List files on HTTP/FTP server in R

Asked 25/8, 2015 at 20:37 Answered 23/6, 2020 at 18:12

Solved regex r html-parsing text-parsing

I'm trying to get list of files on HTTP/FTP server from R!, so that in next step I will be able to download them (or select some of files which meet my criteria to download).

I know that it is possible to use external program in web browser (download manager) which will allow me to select files to download from current web page/ftp.

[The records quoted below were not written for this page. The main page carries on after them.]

Lemma is_derive_comp (g : R -> R) (h : V -> R) z v dg dh :
  is_derive (h z) 1 g dg -> differentiable h z -> is_derive z v h dh ->
  is_derive z v (fun t => g (h t)) (dg * dh).
Proof.
move=> gdg hz hdh.
have gh : differentiable g (h z) by apply/derivable1_diffP; exact: ex_derive.
have ghz : differentiable (g \o h) z by exact: differentiable_comp.
apply: DeriveDef; first exact: diff_derivable.
rewrite (deriveE _ ghz) diff_comp //= -(deriveE _ hz) derive_val.
by rewrite diff1E // derive1E derive_val mulrC.
Qed.

Lemma is_derive_comp_snd (g : R * R -> R) (c : R) (h : V -> R) z v dh :
  differentiable g (c, h z) -> differentiable h z -> is_derive z v h dh ->
  is_derive z v (fun t => g (c, h t)) ('D_((0 : R), (1 : R)) g (c, h z) * dh).
Proof.
move=> gz hz hdh.
have pz : differentiable (fun t => (c, h t)) z.
  by apply: differentiable_pair => //; exact: differentiable_cst.
have gpz : differentiable (g \o (fun t => (c, h t))) z by exact: differentiable_comp.
apply: DeriveDef; first exact: diff_derivable.
rewrite (deriveE _ gpz) diff_comp //= (diff_pair (differentiable_cst c z) hz) diff_cst /=.
rewrite -(deriveE _ hz) derive_val (deriveE _ gz).
have -> : ((0 : R), dh) = dh *: ((0 : R), (1 : R)).
  by apply/pair_equal_spec; split; rewrite /GRing.scale /= ?mulr0 ?mulr1.
by rewrite linearZ /= mulrC.
Qed.

End ChainRule.

Section RowDerive.
Variables (R : realType) (n : nat).
Implicit Types (c z v : 'rV[R]_n).

Lemma edotE : @edot R n = @dotv R n.
Proof. by []. Qed.

Lemma edot_ebasis c k : edot c (ebasis R k) = c 0 k.
Proof.
rewrite /edot (bigD1 k) //= big1 ?addr0; first by rewrite mxE eqxx mulr1.
by move=> j jk; rewrite mxE eq_sym (negbTE jk) mulr0.
Qed.

Lemma is_derive_coord z v i : is_derive z v (fun t : 'rV[R]_n => t 0 i) (v 0 i).
Proof.
have coord_lin : linear (fun t : 'rV[R]_n => t 0 i) by move=> a p q; rewrite !mxE.
pose coord : {linear 'rV[R]_n -> R} := HB.pack (fun t : 'rV[R]_n => t 0 i)
  (GRing.isLinear.Build _ _ _ _ _ coord_lin).
have coord_cont : continuous coord by exact: coord_continuous.
have coord_diff : differentiable coord z by exact: linear_differentiable.
apply: DeriveDef; first exact: diff_derivable.
by rewrite (deriveE _ coord_diff) diff_lin.
Qed.

Lemma edot_sum c : edot c = \sum_(i < n) (fun t : 'rV[R]_n => c 0 i * t 0 i).
Proof. by rewrite fct_sumE; apply/funext. Qed.

Lemma is_derive_edot c z v : is_derive z v (edot c) (edot c v).
Proof.
rewrite [X in is_derive _ _ X _]edot_sum; apply: is_derive_sum => i.
apply: is_derive_eq.
  exact: is_derive_mul (is_derive_const _ _ _) (is_derive_coord _ _ _).
by rewrite /= mulr0 addr0.
Qed.

Lemma differentiable_edot c z : differentiable (edot c) z.
Proof.
rewrite edot_sum; apply: differentiable_sum => i.
by apply: differentiableM; [exact: differentiable_cst|exact: differentiable_coord].
Qed.

Lemma edot_self_sum :
  (fun t => edot t t) = \sum_(i < n) (fun t : 'rV[R]_n => t 0 i * t 0 i).
Proof. by rewrite fct_sumE; apply/funext. Qed.

Lemma is_derive_edot_self z v : is_derive z v (fun t => edot t t) (2 * edot z v).
Proof.
rewrite edot_self_sum; apply: is_derive_eq.
  by apply: is_derive_sum => i; apply: is_derive_mul; exact: is_derive_coord.
by rewrite /edot mulr_sumr; apply: eq_bigr => i _; ring.
Qed.

Lemma differentiable_edot_self z : differentiable (fun t => edot t t) z.
Proof.
rewrite edot_self_sum; apply: differentiable_sum => i.
by apply: differentiableM; exact: differentiable_coord.
Qed.

Lemma enorm_ge0 z : 0 <= enorm z.
Proof. exact: sqrtr_ge0. Qed.

Lemma enorm_gt0 z : z != 0 -> 0 < enorm z.
Proof. by move=> z0; rewrite sqrtr_gt0 dotv_gt0. Qed.

Lemma enorm_neq0 z : z != 0 -> enorm z != 0.
Proof. by move=> z0; rewrite gt_eqF ?enorm_gt0. Qed.

Lemma enorm_sqr z : enorm z ^+ 2 = dotv z z.
Proof. by rewrite sqr_sqrtr // dotv_ge0. Qed.

Lemma is_derive_enorm z v : z != 0 -> is_derive z v (@enorm R n) (edot z v / enorm z).
Proof.
move=> z0; have zz_gt0 : 0 < edot z z := dotv_gt0 z0.
apply: (is_derive_eq (@is_derive_comp _ _ Num.sqrt (fun t => edot t t) z v _ _
  (is_derive1_sqrt zz_gt0) (differentiable_edot_self z) (is_derive_edot_self z v))).
by rewrite /enorm; field; rewrite gt_eqF ?sqrtr_gt0.
Qed.

Lemma differentiable_enorm z : z != 0 -> differentiable (@enorm R n) z.
Proof.
move=> z0; have zz_gt0 : 0 < edot z z := dotv_gt0 z0.
have sqrt_diff : differentiable (@Num.sqrt R) (edot z z).
  apply/derivable1_diffP; exact: (@ex_derive _ _ _ _ _ _ _ (is_derive1_sqrt zz_gt0)).
exact: (differentiable_comp (differentiable_edot_self z) sqrt_diff).
Qed.

Lemma is_derive_coord_e z i k :
  is_derive z (ebasis R k) (fun t : 'rV[R]_n => t 0 i) (i == k)%:R.
Proof. by have := is_derive_coord z (ebasis R k) i; rewrite mxE eq_sym. Qed.

Lemma is_derive_enorm_e z k : z != 0 ->
  is_derive z (ebasis R k) (@enorm R n) (z 0 k / enorm z).
Proof. by move=> z0; rewrite -edot_ebasis; exact: is_derive_enorm. Qed.

Lemma is_derive_inv_enorm_e z k : z != 0 ->
  is_derive z (ebasis R k) (fun t => (enorm t)^-1) (- (z 0 k / enorm z) / enorm z ^+ 2).
Proof. by move=> z0; apply: is_derive_inv; [exact: enorm_neq0|exact: is_derive_enorm_e]. Qed.

End RowDerive.

Lemma itv_gt0_critical (R : realType) (f : R -> R) (a b : R) : a <= b ->
  (forall t, t \in `[a, b] -> derivable f t 1) -> 0 < f a -> 0 < f b ->
  (forall c, c \in `]a, b[ -> is_derive c 1 f 0 -> 0 < f c) ->
  forall t, t \in `[a, b] -> 0 < f t.
Proof.
move=> ab fd fa fb fcrit.
have fcont : {within `[a, b], continuous f}.
  apply: continuous_in_subspaceT => t /[!inE] tab.
  exact/differentiable_continuous/derivable1_diffP/fd.
have [c cab cmin] := EVT_min ab fcont.
suff fc : 0 < f c by move=> t /cmin; exact: lt_le_trans.
have [->|ca] := eqVneq c a; first exact: fa.
have [->|cb] := eqVneq c b; first exact: fb.
have cab' : c \in `]a, b[ by rewrite in_itv /= !lt_def ca eq_sym cb !(itvP cab).
apply: fcrit (cab') _; apply: derive1_at_min ab _ cab' _ => t tab.
  by apply: fd; exact: subset_itv_oo_cc.
by apply: cmin; exact: subset_itv_oo_cc.
Qed.

(** * The metric |y| phi(|x|, <x, y>/|y|) *)

Section SphericalMetric.
Variables (R : realType) (n : nat) (phi : R * R -> R) (x : 'rV[R]_n) (W : set (R * R)).
Hypothesis phi_smooth : smooth_on W phi.
Hypothesis W_s : forall z, z != 0 -> W (enorm x, edot x z / enorm z).
Implicit Types (z : 'rV[R]_n) (i j k : 'I_n).

Definition sph_s z := edot x z / enorm z.
Definition sph_dir z := (enorm z)^-1 *: z.

(* The m-th s-derivative of phi at (|x|, s(z)); [phi_at 1] and [phi_at 2] are
   convertible to [phi_s phi] and [phi_ss phi]. *)
Definition phi_at (m : nat) z := Dseq (nseq m ((0 : R), (1 : R))) phi (enorm x, sph_s z).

However, I wish to have everything scripted, so that it will be easier for me to reproduce.

I thought about calling Python from R! (since it seems much easier), but I tried to do that entirely in R!

I wrote following lines

require("RCurl") 
result <- getURL("http://server",verbose=TRUE,ftp.use.epsv=TRUE, dirlistonly = TRUE)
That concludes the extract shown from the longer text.